## Instructions to follow
The word "exact" marks the lines to report; pull each of them from the listing.

## Information provided
..............................

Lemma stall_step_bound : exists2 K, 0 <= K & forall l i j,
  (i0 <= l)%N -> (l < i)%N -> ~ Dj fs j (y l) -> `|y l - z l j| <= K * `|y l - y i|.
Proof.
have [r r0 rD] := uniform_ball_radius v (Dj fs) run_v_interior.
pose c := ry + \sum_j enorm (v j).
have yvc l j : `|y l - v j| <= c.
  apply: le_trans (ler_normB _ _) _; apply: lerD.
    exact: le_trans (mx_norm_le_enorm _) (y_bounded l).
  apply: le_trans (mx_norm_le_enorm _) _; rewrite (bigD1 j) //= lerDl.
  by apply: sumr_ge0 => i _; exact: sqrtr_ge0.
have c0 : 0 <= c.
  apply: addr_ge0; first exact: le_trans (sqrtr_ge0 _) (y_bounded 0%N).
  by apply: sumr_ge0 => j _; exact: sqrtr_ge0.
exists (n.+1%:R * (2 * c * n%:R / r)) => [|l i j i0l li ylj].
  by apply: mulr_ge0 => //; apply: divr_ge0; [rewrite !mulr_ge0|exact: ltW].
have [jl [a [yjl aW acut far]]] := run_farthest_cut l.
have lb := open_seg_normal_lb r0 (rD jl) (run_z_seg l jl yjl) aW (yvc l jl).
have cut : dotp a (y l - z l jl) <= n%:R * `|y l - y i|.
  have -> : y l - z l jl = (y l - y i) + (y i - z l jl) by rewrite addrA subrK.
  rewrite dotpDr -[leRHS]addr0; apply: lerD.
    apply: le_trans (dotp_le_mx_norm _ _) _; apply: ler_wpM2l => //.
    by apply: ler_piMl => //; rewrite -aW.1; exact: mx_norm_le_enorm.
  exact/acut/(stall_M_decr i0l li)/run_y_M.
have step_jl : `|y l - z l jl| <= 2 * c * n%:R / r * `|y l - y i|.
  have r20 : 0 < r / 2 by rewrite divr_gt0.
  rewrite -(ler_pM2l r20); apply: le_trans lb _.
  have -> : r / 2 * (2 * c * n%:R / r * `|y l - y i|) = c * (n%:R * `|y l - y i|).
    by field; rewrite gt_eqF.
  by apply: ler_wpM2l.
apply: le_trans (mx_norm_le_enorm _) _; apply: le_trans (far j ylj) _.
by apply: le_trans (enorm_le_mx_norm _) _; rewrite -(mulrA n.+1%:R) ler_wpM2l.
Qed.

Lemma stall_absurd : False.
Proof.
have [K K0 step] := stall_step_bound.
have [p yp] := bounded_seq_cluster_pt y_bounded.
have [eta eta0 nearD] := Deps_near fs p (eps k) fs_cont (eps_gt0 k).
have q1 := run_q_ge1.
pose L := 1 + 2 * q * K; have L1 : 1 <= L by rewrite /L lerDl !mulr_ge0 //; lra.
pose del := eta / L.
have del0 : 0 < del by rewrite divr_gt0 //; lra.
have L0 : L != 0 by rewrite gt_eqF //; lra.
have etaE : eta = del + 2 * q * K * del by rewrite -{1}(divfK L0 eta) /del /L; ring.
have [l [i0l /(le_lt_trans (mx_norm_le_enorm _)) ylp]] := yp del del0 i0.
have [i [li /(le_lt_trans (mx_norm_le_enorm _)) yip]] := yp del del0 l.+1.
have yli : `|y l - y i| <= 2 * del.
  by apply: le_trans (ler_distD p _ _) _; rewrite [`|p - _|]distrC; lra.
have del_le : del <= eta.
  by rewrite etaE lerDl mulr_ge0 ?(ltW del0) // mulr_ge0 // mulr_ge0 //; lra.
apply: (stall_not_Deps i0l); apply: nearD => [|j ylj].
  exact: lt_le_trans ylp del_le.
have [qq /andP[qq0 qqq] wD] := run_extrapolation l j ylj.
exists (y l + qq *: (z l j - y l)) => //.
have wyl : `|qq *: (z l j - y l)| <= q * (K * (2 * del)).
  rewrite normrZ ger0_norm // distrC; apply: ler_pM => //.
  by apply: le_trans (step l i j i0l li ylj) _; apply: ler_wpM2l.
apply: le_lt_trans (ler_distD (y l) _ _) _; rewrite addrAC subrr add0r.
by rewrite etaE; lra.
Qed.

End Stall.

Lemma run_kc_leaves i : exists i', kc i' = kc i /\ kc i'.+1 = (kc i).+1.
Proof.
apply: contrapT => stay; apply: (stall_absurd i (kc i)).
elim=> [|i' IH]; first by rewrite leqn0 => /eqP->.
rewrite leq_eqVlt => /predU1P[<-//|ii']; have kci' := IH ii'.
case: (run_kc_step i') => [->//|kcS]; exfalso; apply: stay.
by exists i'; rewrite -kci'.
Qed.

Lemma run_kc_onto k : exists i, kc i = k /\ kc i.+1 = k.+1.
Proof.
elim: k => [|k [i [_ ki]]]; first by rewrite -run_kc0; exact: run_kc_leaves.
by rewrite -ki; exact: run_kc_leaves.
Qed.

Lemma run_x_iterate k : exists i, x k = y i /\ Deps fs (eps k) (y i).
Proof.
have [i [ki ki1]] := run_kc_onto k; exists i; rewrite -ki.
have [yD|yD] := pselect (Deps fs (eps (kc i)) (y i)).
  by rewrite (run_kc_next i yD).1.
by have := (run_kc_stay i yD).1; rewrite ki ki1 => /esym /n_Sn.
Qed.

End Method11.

..............................

## Answer section
    exact: le_trans (mx_norm_le_enorm _) (y_bounded l).
  by apply: sumr_ge0 => i _; exact: sqrtr_ge0.
  apply: addr_ge0; first exact: le_trans (sqrtr_ge0 _) (y_bounded 0%N).
  by apply: sumr_ge0 => j _; exact: sqrtr_ge0.
  by apply: mulr_ge0 => //; apply: divr_ge0; [rewrite !mulr_ge0|exact: ltW].
    by apply: ler_piMl => //; rewrite -aW.1; exact: mx_norm_le_enorm.
  exact/acut/(stall_M_decr i0l li)/run_y_M.
  exact: lt_le_trans ylp del_le.
elim: k => [|k [i [_ ki]]]; first by rewrite -run_kc0; exact: run_kc_leaves.
by rewrite -ki; exact: run_kc_leaves.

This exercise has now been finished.